The loan agreements contain standard covenants. In 2014, Storebrand Boligkreditt AS met all terms and conditions with respect to the loan agreements. The company´s overcollateralisation requirement of 109,5 per cent is fulfilled and in accordance with the loan programme.
NOTE 10 CAPITAL ADEQUACY
Net primary capital
| NOK MILLION | 30.06.2014 | 31.12.2013 |
|---|---|---|
| Share capital | 455.0 | 455.0 |
| Other equity | 503.8 | 593.3 |
| Total equity | 958.8 | 1 048.3 |
| Deductions | ||
| Provision for group contribution | -169.5 | |
| Profit not included in the calculation of net primary capital | -80.0 | |
| Core capital exc.

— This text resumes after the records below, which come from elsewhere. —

Lemma partial_asymptotic (a D : nat -> R) :
  is_lim_seq D p_infty ->
  (forall k, (1 <= k)%nat -> D k < D (S k)) ->
  is_lim_seq (fun k => a (S k) / (D (S k) - D k)) 1 ->
  is_lim_seq (fun M => sum_f_R0 a M / D M) 1.
Proof.
  intros HD Dinc Hr. apply is_lim_seq_spec. intros eps.
  assert (he : 0 < eps / 4) by (destruct eps; simpl; lra).
  destruct (increments_eventually_close a D _ he Dinc Hr) as [N HN].
  set (B := Rabs (sum_f_R0 a N - D N) + eps / 4 * Rabs (D N)).
  assert (HB : 0 <= B) by (unfold B; assert (0 <= Rabs (D N)) by apply Rabs_pos;
                           assert (0 <= Rabs (sum_f_R0 a N - D N)) by apply Rabs_pos; nra).
  destruct (proj2 (is_lim_seq_spec _ _) HD (4 * B / eps + 1)) as [N1 HN1].
  exists (max N N1). intros M HM.
  specialize (HN1 M ltac:(lia)).
  assert (large : B <= eps / 4 * D M).
  { assert (4 * B / eps * (eps / 4) = B) by (destruct eps; simpl in *; field; lra). nra. }
  assert (track := partial_sums_track a D _ N HN M ltac:(lia)).
  apply (relative_error _ _ (eps / 2)).
  - assert (0 <= 4 * B / eps) by (destruct eps; simpl in *; apply Rmult_le_pos; [lra|];
                                   left; apply Rinv_0_lt_compat; lra). lra.
  - destruct eps; simpl; lra.
  - replace (sum_f_R0 a M - D M)
      with ((sum_f_R0 a M - sum_f_R0 a N - (D M - D N)) + (sum_f_R0 a N - D N)) by ring.
    eapply Rle_trans; [apply Rabs_triang|].
    assert (- Rabs (D N) <= D N)
      by (pose proof (RRle_abs (- D N)) as h; rewrite Rabs_Ropp in h; lra).
    unfold B in large. nra.
Qed.

Lemma difference_quotient_at_1 (f : R -> R) (l : R) :
  derivable_pt_lim f 1 l ->
  is_lim_seq (fun n => INR n * (f 1 - f (1 - / INR n))) l.
Proof.
  intros Hd. apply is_lim_seq_spec. intros eps.
  destruct (Hd eps (cond_pos eps)) as [del Hdel].
  destruct (INR_archimed del 1 (cond_pos del)) as [N HN].
  exists (max N 1). intros n Hn.
  assert (hn : 0 < INR n) by (apply lt_0_INR; lia).
  assert (hN : INR N <= INR n) by (apply le_INR; lia).
  assert (small : Rabs (- / INR n) < del).
  { rewrite Rabs_Ropp, Rabs_right by (left; apply Rinv_0_lt_compat; lra).
    apply (Rmult_lt_reg_r (INR n)); [lra|]. rewrite Rinv_l by lra.
    assert (del * INR N <= del * INR n) by (apply Rmult_le_compat_l; [left; apply cond_pos | lra]).
    lra. }
  assert (H := Hdel (- / INR n) (Ropp_neq_0_compat _ (Rinv_neq_0_compat _ (Rgt_not_eq _ _ hn))) small).
  replace (1 + - / INR n) with (1 - / INR n) in H by ring.
  replace (INR n * (f 1 - f (1 - / INR n)))
    with ((f (1 - / INR n) - f 1) / - / INR n) by (field; lra).
  exact H.
Qed.

(* n ((1 - 1/n)^(-s) - 1) -> s, the derivative of -x^(-s) at 1. *)
Lemma power_difference_lim (s : R) :
  is_lim_seq (fun n => INR n * (Rpower (1 - / INR n) (- s) - 1)) s.
Proof.
  assert (H := difference_quotient_at_1 _ _ (derivable_pt_lim_power 1 (- s) Rlt_0_1)).
  assert (one : forall y, Rpower 1 y = 1) by (intros y; unfold Rpower; now rewrite ln_1, Rmult_0_r, exp_0).
  rewrite !one in H. apply is_lim_seq_opp in H. simpl in H.
  rewrite Rmult_1_r, Ropp_involutive in H.
  eapply is_lim_seq_ext; [|exact H]. intros n. simpl. ring.
Qed.

(* n (ln n - ln (n - 1)) -> 1, the derivative of ln at 1. *)
Lemma ln_difference_lim :
  is_lim_seq (fun n => INR n * (ln (INR n) - ln (INR n - 1))) 1.
Proof.
  assert (H := difference_quotient_at_1 ln _ (derivable_pt_lim_ln 1 Rlt_0_1)).
  rewrite Rinv_1 in H. apply is_lim_seq_ext_loc with (2 := H).
  exists 2%nat. intros n Hn. rewrite ln_1.
  assert (1 < INR n) by (apply (lt_INR 1); lia).
  replace (1 - / INR n) with ((INR n - 1) / INR n) by (field; lra).
  rewrite ln_div by lra. ring.
Qed.

Lemma gfun_asymptotic (m : nat) : (2 <= m)%nat ->
  is_lim_seq (fun n => (gfun m n + 1) / ((INR m - 1) * INR n * INR m ^ n)) 1.
Proof.
  intros hm. assert (Hm : 2 <= INR m) by (apply (le_INR 2); exact hm).
  set (c := / (INR m - 1)).
  apply is_lim_seq_ext_loc with (u := fun n => 1 - c * / INR n + c * / INR n * (/ INR m) ^ n).
  - exists 1%nat. intros n Hn. assert (0 < INR n) by (apply lt_0_INR; lia).
    unfold gfun, c. rewrite pow_inv. field.
    repeat split; try lra. apply pow_nonzero. lra.
  - assert (inv_n : is_lim_seq (fun n => / INR n) 0).
    { apply (is_lim_seq_inv _ p_infty); [apply is_lim_seq_INR | discriminate]. }
    assert (geom : is_lim_seq (fun n => (/ INR m) ^ n) 0).
    { apply is_lim_seq_geom. rewrite Rabs_right by (left; apply Rinv_0_lt_compat; lra).
      apply (Rmult_lt_reg_r (INR m)); [lra|]. rewrite Rinv_l by lra. lra. }
    replace (Finite 1) with (Finite (1 - c * 0 + c * 0 * 0)) by (f_equal; ring).
    apply is_lim_seq_plus'; [apply is_lim_seq_minus'|apply is_lim_seq_mult'];
      auto using is_lim_seq_const, is_lim_seq_mult'.
Qed.

Lemma ln_INR_lim : is_lim_seq (fun k => ln (INR k)) p_infty.
Proof.
  apply (is_lim_comp_seq ln INR p_infty p_infty is_lim_ln_p).
  - exists 0%nat. discriminate.
  - apply is_lim_seq_INR.
Qed.

Lemma power_neg_lim (s : R) : 0 < s -> is_lim_seq (fun k => Rpower (INR k) (- s)) 0.
Proof.
  intros hs. unfold Rpower.
  apply (is_lim_comp_seq exp _ m_infty 0 is_lim_exp_m); [exists 0%nat; discriminate|].
  apply (is_lim_seq_ext (fun k => ln (INR k) * - s)); [intros k; apply Rmult_comm|].
  apply (is_lim_seq_mult _ _ p_infty (- s)); [exact ln_INR_lim | apply is_lim_seq_const |].
  apply is_Rbar_mult_p_infty_neg. simpl. lra.
Qed.

Lemma power_increment_ratio (s : R) : 0 < s ->
  is_lim_seq (fun n => s * Rpower (INR n) (- s - 1)
                       / (Rpower (INR (pred n)) (- s) - Rpower (INR n) (- s))) 1.
Proof.
  intros hs.
  replace (Finite 1) with (Finite (s / s)) by (f_equal; field; lra).
  apply is_lim_seq_ext_loc with (u := fun n => s / (INR n * (Rpower (1 - / INR n) (- s) - 1))).
  2: { apply is_lim_seq_div'; [apply is_lim_seq_const | apply power_difference_lim | lra]. }
  exists 2%nat. intros n Hn.
  assert (hx : 1 < INR n) by (apply (lt_INR 1); lia).
  assert (pred_x : INR (pred n) = INR n * (1 - / INR n)).
  { rewrite <- Nat.sub_1_r, minus_INR by lia. simpl. field. lra. }
  set (x := INR n) in *.
  assert (base : 0 < 1 - / x < 1).
  { assert (0 < / x) by (apply Rinv_0_lt_compat; lra).
    assert (/ x < 1) by (rewrite <- Rinv_1; apply Rinv_lt_contravar; lra). lra. }
  assert (R1_gt_1 : 1 < Rpower (1 - / x) (- s)).
  { unfold Rpower. rewrite <- exp_0 at 1. apply exp_increasing.
    assert (ln (1 - / x) < 0) by (rewrite <- ln_1; apply ln_increasing; lra). nra. }
  rewrite pred_x, <- Rpower_mult_distr by lra.
  replace (- s - 1) with (- s + - (1)) by ring.
  rewrite Rpower_plus, (Rpower_Ropp x 1), Rpower_1 by lra.
  assert (0 < Rpower x (- s)) by apply exp_pos.
  field. repeat split; apply Rgt_not_eq; [lra | nra | lra].
Qed.

Lemma log_increment_ratio :
  is_lim_seq (fun n => Rpower (INR n) (- (1)) / (ln (INR n) - ln (INR (pred n)))) 1.
Proof.
  replace (Finite 1) with (Rbar_inv 1) by (simpl; f_equal; field).
  apply is_lim_seq_ext_loc with (u := fun n => / (INR n * (ln (INR n) - ln (INR n - 1)))).
  2: { apply is_lim_seq_inv; [apply ln_difference_lim | simpl; injection; lra]. }
  exists 1%nat. intros n Hn.
  rewrite Rpower_Ropp, Rpower_1 by (apply lt_0_INR; lia).
  rewrite <- Nat.sub_1_r, minus_INR by lia. simpl INR.
  unfold Rdiv. now rewrite Rinv_mult.
Qed.

Lemma series_value_some (f : nat -> R) (l : R) :
  infinite_sum f l -> series_value f = Some l.
Proof.
  intros H. unfold series_value.
  destruct (excluded_middle_informative _) as [e|n].
  - destruct (constructive_indefinite_description _ e) as [l' Hl']; simpl.
    f_equal. exact (UL_sequence _ _ _ Hl' H).
  - exfalso. apply n. now exists l.
Qed.

Lemma series_value_none (f : nat -> R) :
  ~ (exists l, infinite_sum f l) -> series_value f = None.
Proof.
  intros H. unfold series_value.
  destruct (excluded_middle_informative _) as [e|_]; [contradiction|reflexivity].
Qed.

Lemma infinite_sum_lim (f : nat -> R) (l : R) :
  infinite_sum f l <-> is_lim_seq (sum_f_R0 f) l.
Proof. rewrite is_lim_seq_Reals. reflexivity. Qed.

Lemma gfun_0 (m : nat) : gfun m 0 = -1.
Proof. unfold gfun. simpl. ring. Qed.

Lemma gfun_nonneg (m k : nat) : (2 <= m)%nat -> (1 <= k)%nat -> 0 <= gfun m k.
Proof.
  intros hm hk. unfold gfun.
  assert (2 <= INR m) by (apply (le_INR 2); exact hm).
  assert (1 <= INR k) by (apply (le_INR 1); exact hk).
  assert (0 < INR m ^ k) by (apply pow_lt; lra).
  apply Rmult_le_pos; nra.
Qed.

(* The mass q k reweighted by 1 + [(m-1)k - 1] m^k; its partial sums up to M
   equal 1 + E{[(m-1)X_0^(M) - 1] m^(X_0^(M))}. *)
Definition crit_mass (m : nat) (q : nat -> R) (k : nat) : R :=
  q k * (gfun m k + 1).

Lemma crit_mass_ge (m : nat) (q : nat -> R) (k : nat) :
  (2 <= m)%nat -> (forall k, 0 <= q k) -> q 0%nat = 0 -> q k <= crit_mass m q k.
Proof.
  intros hm hq_nonneg hq0. unfold crit_mass. destruct k as [|k].
  - rewrite hq0. lra.
  - assert (H := gfun_nonneg m (S k) hm ltac:(lia)).
    specialize (hq_nonneg (S k)). nra.
Qed.

Lemma crit_mass_nonneg (m : nat) (q : nat -> R) (k : nat) :
  (2 <= m)%nat -> (forall k, 0 <= q k) -> q 0%nat = 0 -> 0 <= crit_mass m q k.
Proof.
  intros hm hq_nonneg hq0.
  exact (Rle_trans _ _ _ (hq_nonneg k) (crit_mass_ge m q k hm hq_nonneg hq0)).
Qed.

Section Expectations.

Variables (m : nat) (q : nat -> R).
Hypothesis hq_sum : infinite_sum q 1.

Lemma sum_gfun_split (M : nat) :
  sum_f_R0 (fun k => q k * gfun m k) M = sum_f_R0 (crit_mass m q) M - sum_f_R0 q M.
Proof.
  rewrite <- minus_sum. apply sum_eq. intros k _. unfold crit_mass. ring.
Qed.

(* Truncating at M: the mass beyond M is moved to 0, where gfun is -1. *)
Lemma truncated_expectation (M : nat) :
  expect q (fun k => gfun m (if Nat.leb k M then k else 0%nat))
  = Some (sum_f_R0 (crit_mass m q) M - 1).
Proof.
  set (cut := fun k => if Nat.leb k M then crit_mass m q k else 0).
  assert (cut_sums : forall j, (M <= j)%nat -> sum_f_R0 cut j = sum_f_R0 (crit_mass m q) M).
  { intros j Hj. induction Hj as [|j Hj IH].
    - apply sum_eq. intros k Hk. unfold cut. now rewrite (proj2 (Nat.leb_le k M) Hk).
    - simpl. rewrite IH. unfold cut. rewrite (proj2 (Nat.leb_gt (S j) M)) by lia. ring. }
  unfold expect. apply series_value_some, infinite_sum_lim.
  apply (is_lim_seq_ext (fun j => sum_f_R0 cut j - sum_f_R0 q j)).
  { intros j. rewrite <- minus_sum. apply sum_eq. intros k _. unfold cut, crit_mass.
    destruct (Nat.leb k M); [ring | rewrite gfun_0; ring]. }
  apply is_lim_seq_minus'; [|now apply infinite_sum_lim].
  apply is_lim_seq_ext_loc with (u := fun _ => sum_f_R0 (crit_mass m q) M).
  - exists M. intros j Hj. symmetry. now apply cut_sums.
  - apply is_lim_seq_const.
Qed.

Lemma p_M_eq (M : nat) : p_M m q M = / sum_f_R0 (crit_mass m q) M.
Proof.
  unfold p_M. rewrite truncated_expectation. simpl. f_equal. ring.
Qed.

Lemma p_c_convergent (E : R) :
  is_lim_seq (sum_f_R0 (crit_mass m q)) E -> p_c m q = / E.
Proof.
  intros HE. unfold p_c, expect.
  rewrite (series_value_some _ (E - 1)); [simpl; f_equal; ring|].
  apply infinite_sum_lim. eapply is_lim_seq_ext; [intros n; symmetry; apply sum_gfun_split|].
  apply is_lim_seq_minus'; [exact HE | now apply infinite_sum_lim].
Qed.

Lemma p_c_divergent :
  is_lim_seq (sum_f_R0 (crit_mass m q)) p_infty -> p_c m q = 0.
Proof.
  intros Hinf. unfold p_c, expect. rewrite series_value_none; [reflexivity|].
  intros [l Hl]. apply infinite_sum_lim in Hl.
  assert (Hfin : is_lim_seq (sum_f_R0 (crit_mass m q)) (l + 1)).
  { apply (is_lim_seq_ext (fun n => sum_f_R0 (fun k => q k * gfun m k) n + sum_f_R0 q n)).
    - intros n. rewrite sum_gfun_split. ring.
    - apply is_lim_seq_plus'; [exact Hl | now apply infinite_sum_lim]. }
  apply is_lim_seq_unique in Hinf. apply is_lim_seq_unique in Hfin.
  rewrite Hinf in Hfin. discriminate.
Qed.

End Expectations.

Section CriticalGap.

Variables (m : nat) (q : nat -> R) (c0 alpha : R).
Hypothesis hm : (2 <= m)%nat.
Hypothesis hq_nonneg : forall k, 0 <= q k.
Hypothesis hq0 : q 0%nat = 0.
Hypothesis hq_sum : infinite_sum q 1.
Hypothesis hc0 : 0 < c0.
Hypothesis htail :
  is_lim_seq (fun k => q k / (c0 * / (INR m ^ k) * Rpower (INR k) (- alpha))) 1.

(* Since q k ~ c0 m^(-k) k^(-alpha) and 1 + gfun m k ~ (m-1) k m^k, the
   reweighted mass satisfies crit_mass k ~ (m-1) c0 k^(1-alpha); so it is
   asymptotic to any sequence with that behaviour. *)
Lemma crit_mass_equivalent (delta : nat -> R) :
  is_lim_seq (fun n => (INR m - 1) * c0 * Rpower (INR n) (1 - alpha) / delta n) 1 ->
  is_lim_seq (fun n => crit_mass m q n / delta n) 1.
Proof.
  intros Hdelta.
  assert (L := is_lim_seq_mult' _ _ _ _
                 (is_lim_seq_mult' _ _ _ _ htail (gfun_asymptotic m hm)) Hdelta).
  rewrite !Rmult_1_r in L. apply is_lim_seq_ext_loc with (2 := L).
  exists 1%nat. intros n Hn.
  assert (Hm : 2 <= INR m) by (apply (le_INR 2); exact hm).
  assert (hx : 0 < INR n) by (apply lt_0_INR; lia).
  assert (HP : 0 < Rpower (INR n) (- alpha)) by apply exp_pos.
  assert (Hmn : 0 < INR m ^ n) by (apply pow_lt; lra).
  replace (1 - alpha) with (1 + - alpha) by ring.
  rewrite Rpower_plus, Rpower_1 by exact hx.
  unfold crit_mass. destruct (Req_dec (delta n) 0) as [h0|h0].
  - unfold Rdiv. rewrite h0, Rinv_0. ring.
  - field. repeat split; [exact h0 | ..]; apply Rgt_not_eq; lra.
Qed.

Hybrid Tier 1 capital | 878.9 | 878.9 |
| Deductions | ||
| Core capital | 878.9 | 878.9 |
| Deductions | ||
| Net primary capital | 878.9 | 878.9 |
Minimum capital requirement
| NOK MILLION | 30.06.2014 | 31.12.2013 |
|---|---|---|
| Credit risk | 457.9 | 454.5 |
| Of which: | ||
| Institutions | 12.3 | 10.9 |
| Loans secured against real estate | 432.0 | 431.0 |
| Loans past-due | 1.9 | 2.9 |
| Other | 11.6 | 9.9 |
| Total minimum requirement for credit risk | 457.9 | 454.7 |
| Total minimum requirement for market risk | 0.0 | 0.0 |
| Operational risk 1) | 22.8 | 22.8 |
| Deductions | ||
| Loan loss provisions on groups of loans | -0.1 | -0.1 |
| Minimum requirement for net primary capital | 480.7 | 477.5 |
NOTE 10 CAPITAL ADEQUACY (continued)
Capital adequacy
| 30.06.2014 | 31.12.2013 | |
|---|---|---|
| Capital ratio | 14.6 % | 14.7 % |
| Core (tier 1) capital ratio | 14.6 % | 14.7 % |
| Core capital ratio excl. Hybrid Tier 1 capital | 14.6 % | 14.7 % |
The standard method is used for credit risk and market risk, and the basic method for operational risk. New capital requirements came into force from 1 July 2013. The overall requirements for core tier 1 capital and the capital base are 9 and 12.5 per cent respectively as of 1 July 2013, and 10 and 13.5 per cent respectively as of 1 July 2014. The introduction of a counter-cyclical capital buffer of 1 per cent core tier 1 capital should be expected from 30 June 2015.
Basis of calculation (risk-weighted volume)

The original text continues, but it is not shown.